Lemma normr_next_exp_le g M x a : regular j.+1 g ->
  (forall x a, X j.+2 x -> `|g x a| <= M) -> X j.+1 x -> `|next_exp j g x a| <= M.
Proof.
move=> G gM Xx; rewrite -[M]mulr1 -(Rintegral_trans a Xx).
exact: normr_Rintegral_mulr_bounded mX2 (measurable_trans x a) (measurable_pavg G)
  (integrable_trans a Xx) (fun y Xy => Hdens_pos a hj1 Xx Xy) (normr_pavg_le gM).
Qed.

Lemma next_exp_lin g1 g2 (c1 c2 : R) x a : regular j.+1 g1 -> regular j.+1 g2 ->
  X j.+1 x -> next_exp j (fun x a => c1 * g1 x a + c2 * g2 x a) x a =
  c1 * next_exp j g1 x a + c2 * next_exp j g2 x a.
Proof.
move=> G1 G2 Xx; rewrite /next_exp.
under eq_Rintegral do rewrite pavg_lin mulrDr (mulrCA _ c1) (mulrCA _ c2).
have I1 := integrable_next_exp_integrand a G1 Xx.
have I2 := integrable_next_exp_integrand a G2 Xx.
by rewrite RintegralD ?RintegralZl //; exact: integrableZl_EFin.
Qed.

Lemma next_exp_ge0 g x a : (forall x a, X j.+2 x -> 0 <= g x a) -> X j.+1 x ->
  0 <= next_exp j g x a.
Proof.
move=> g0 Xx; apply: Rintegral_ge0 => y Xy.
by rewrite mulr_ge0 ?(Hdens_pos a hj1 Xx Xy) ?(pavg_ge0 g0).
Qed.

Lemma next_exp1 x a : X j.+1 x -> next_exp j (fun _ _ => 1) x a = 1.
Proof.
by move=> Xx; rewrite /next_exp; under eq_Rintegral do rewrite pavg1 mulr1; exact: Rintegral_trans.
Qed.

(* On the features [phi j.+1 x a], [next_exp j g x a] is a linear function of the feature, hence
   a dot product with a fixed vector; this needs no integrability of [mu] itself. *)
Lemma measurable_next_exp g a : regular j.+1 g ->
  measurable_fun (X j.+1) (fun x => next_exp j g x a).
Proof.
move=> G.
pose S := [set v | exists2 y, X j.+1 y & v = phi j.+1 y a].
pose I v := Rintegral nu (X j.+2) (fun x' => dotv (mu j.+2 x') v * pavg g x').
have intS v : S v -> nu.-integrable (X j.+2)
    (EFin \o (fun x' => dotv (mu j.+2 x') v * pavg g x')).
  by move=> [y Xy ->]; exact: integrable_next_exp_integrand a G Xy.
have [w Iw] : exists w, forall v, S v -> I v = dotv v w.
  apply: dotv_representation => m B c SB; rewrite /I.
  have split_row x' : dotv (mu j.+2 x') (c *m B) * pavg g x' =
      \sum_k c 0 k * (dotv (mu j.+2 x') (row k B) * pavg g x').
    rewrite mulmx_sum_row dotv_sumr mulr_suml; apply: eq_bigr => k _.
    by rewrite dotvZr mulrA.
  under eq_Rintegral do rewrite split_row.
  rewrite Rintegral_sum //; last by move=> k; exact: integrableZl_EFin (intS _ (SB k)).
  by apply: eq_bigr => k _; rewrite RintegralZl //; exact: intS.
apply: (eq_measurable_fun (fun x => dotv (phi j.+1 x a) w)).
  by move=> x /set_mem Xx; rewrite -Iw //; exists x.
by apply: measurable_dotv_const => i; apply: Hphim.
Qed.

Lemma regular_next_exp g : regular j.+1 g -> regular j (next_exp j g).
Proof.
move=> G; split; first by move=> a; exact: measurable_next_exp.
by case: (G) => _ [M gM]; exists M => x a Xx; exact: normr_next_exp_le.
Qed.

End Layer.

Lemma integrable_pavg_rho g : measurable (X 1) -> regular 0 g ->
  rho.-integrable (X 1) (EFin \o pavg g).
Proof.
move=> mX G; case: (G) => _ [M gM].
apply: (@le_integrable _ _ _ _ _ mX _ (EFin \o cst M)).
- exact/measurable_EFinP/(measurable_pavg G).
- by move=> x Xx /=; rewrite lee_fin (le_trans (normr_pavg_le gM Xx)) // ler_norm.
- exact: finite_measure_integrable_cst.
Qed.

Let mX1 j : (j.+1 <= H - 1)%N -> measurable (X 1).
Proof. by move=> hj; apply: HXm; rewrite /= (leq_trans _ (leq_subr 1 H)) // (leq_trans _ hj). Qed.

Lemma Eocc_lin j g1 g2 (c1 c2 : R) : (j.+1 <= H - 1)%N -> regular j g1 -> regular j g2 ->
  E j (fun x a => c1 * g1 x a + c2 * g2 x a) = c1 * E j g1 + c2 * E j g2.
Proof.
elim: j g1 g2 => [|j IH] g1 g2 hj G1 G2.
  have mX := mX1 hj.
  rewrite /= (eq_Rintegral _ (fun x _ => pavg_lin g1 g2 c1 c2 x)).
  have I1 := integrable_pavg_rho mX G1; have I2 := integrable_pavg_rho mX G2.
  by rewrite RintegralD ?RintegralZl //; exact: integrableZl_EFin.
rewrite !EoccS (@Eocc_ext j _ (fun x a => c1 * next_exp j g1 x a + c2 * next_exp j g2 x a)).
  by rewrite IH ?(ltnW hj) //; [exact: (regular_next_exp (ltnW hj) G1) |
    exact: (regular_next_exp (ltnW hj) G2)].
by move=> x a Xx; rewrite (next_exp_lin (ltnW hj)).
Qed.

_TASK OBJECTIVE_
Reproduce all the data precisely, word for word.

_OUTPUT_
Lemma normr_next_exp_le g M x a : regular j.+1 g ->
  (forall x a, X j.+2 x -> `|g x a| <= M) -> X j.+1 x -> `|next_exp j g x a| <= M.
Proof.
move=> G gM Xx; rewrite -[M]mulr1 -(Rintegral_trans a Xx).
exact: normr_Rintegral_mulr_bounded mX2 (measurable_trans x a) (measurable_pavg G)
  (integrable_trans a Xx) (fun y Xy => Hdens_pos a hj1 Xx Xy) (normr_pavg_le gM).
Qed.

Lemma next_exp_lin g1 g2 (c1 c2 : R) x a : regular j.+1 g1 -> regular j.+1 g2 ->
  X j.+1 x -> next_exp j (fun x a => c1 * g1 x a + c2 * g2 x a) x a =
  c1 * next_exp j g1 x a + c2 * next_exp j g2 x a.
Proof.
move=> G1 G2 Xx; rewrite /next_exp.
under eq_Rintegral do rewrite pavg_lin mulrDr (mulrCA _ c1) (mulrCA _ c2).
have I1 := integrable_next_exp_integrand a G1 Xx.
have I2 := integrable_next_exp_integrand a G2 Xx.
by rewrite RintegralD ?RintegralZl //; exact: integrableZl_EFin.
Qed.

Lemma next_exp_ge0 g x a : (forall x a, X j.+2 x -> 0 <= g x a) -> X j.+1 x ->
  0 <= next_exp j g x a.
Proof.
move=> g0 Xx; apply: Rintegral_ge0 => y Xy.
by rewrite mulr_ge0 ?(Hdens_pos a hj1 Xx Xy) ?(pavg_ge0 g0).
Qed.

Lemma next_exp1 x a : X j.+1 x -> next_exp j (fun _ _ => 1) x a = 1.
Proof.
by move=> Xx; rewrite /next_exp; under eq_Rintegral do rewrite pavg1 mulr1; exact: Rintegral_trans.
Qed.

(* On the features [phi j.+1 x a], [next_exp j g x a] is a linear function of the feature, hence
   a dot product with a fixed vector; this needs no integrability of [mu] itself. *)
Lemma measurable_next_exp g a : regular j.+1 g ->
  measurable_fun (X j.+1) (fun x => next_exp j g x a).
Proof.
move=> G.
pose S := [set v | exists2 y, X j.+1 y & v = phi j.+1 y a].
pose I v := Rintegral nu (X j.+2) (fun x' => dotv (mu j.+2 x') v * pavg g x').
have intS v : S v -> nu.-integrable (X j.+2)
    (EFin \o (fun x' => dotv (mu j.+2 x') v * pavg g x')).
  by move=> [y Xy ->]; exact: integrable_next_exp_integrand a G Xy.
have [w Iw] : exists w, forall v, S v -> I v = dotv v w.
  apply: dotv_representation => m B c SB; rewrite /I.
  have split_row x' : dotv (mu j.+2 x') (c *m B) * pavg g x' =
      \sum_k c 0 k * (dotv (mu j.+2 x') (row k B) * pavg g x').
    rewrite mulmx_sum_row dotv_sumr mulr_suml; apply: eq_bigr => k _.
    by rewrite dotvZr mulrA.
  under eq_Rintegral do rewrite split_row.
  rewrite Rintegral_sum //; last by move=> k; exact: integrableZl_EFin (intS _ (SB k)).
  by apply: eq_bigr => k _; rewrite RintegralZl //; exact: intS.
apply: (eq_measurable_fun (fun x => dotv (phi j.+1 x a) w)).
  by move=> x /set_mem Xx; rewrite -Iw //; exists x.
by apply: measurable_dotv_const => i; apply: Hphim.
Qed.

Lemma regular_next_exp g : regular j.+1 g -> regular j (next_exp j g).
Proof.
move=> G; split; first by move=> a; exact: measurable_next_exp.
by case: (G) => _ [M gM]; exists M => x a Xx; exact: normr_next_exp_le.
Qed.

End Layer.

Lemma integrable_pavg_rho g : measurable (X 1) -> regular 0 g ->
  rho.-integrable (X 1) (EFin \o pavg g).
Proof.
move=> mX G; case: (G) => _ [M gM].
apply: (@le_integrable _ _ _ _ _ mX _ (EFin \o cst M)).
- exact/measurable_EFinP/(measurable_pavg G).
- by move=> x Xx /=; rewrite lee_fin (le_trans (normr_pavg_le gM Xx)) // ler_norm.
- exact: finite_measure_integrable_cst.
Qed.

Let mX1 j : (j.+1 <= H - 1)%N -> measurable (X 1).
Proof. by move=> hj; apply: HXm; rewrite /= (leq_trans _ (leq_subr 1 H)) // (leq_trans _ hj). Qed.

Lemma Eocc_lin j g1 g2 (c1 c2 : R) : (j.+1 <= H - 1)%N -> regular j g1 -> regular j g2 ->
  E j (fun x a => c1 * g1 x a + c2 * g2 x a) = c1 * E j g1 + c2 * E j g2.
Proof.
elim: j g1 g2 => [|j IH] g1 g2 hj G1 G2.
  have mX := mX1 hj.
  rewrite /= (eq_Rintegral _ (fun x _ => pavg_lin g1 g2 c1 c2 x)).
  have I1 := integrable_pavg_rho mX G1; have I2 := integrable_pavg_rho mX G2.
  by rewrite RintegralD ?RintegralZl //; exact: integrableZl_EFin.
rewrite !EoccS (@Eocc_ext j _ (fun x a => c1 * next_exp j g1 x a + c2 * next_exp j g2 x a)).
  by rewrite IH ?(ltnW hj) //; [exact: (regular_next_exp (ltnW hj) G1) |
    exact: (regular_next_exp (ltnW hj) G2)].
by move=> x a Xx; rewrite (next_exp_lin (ltnW hj)).
Qed.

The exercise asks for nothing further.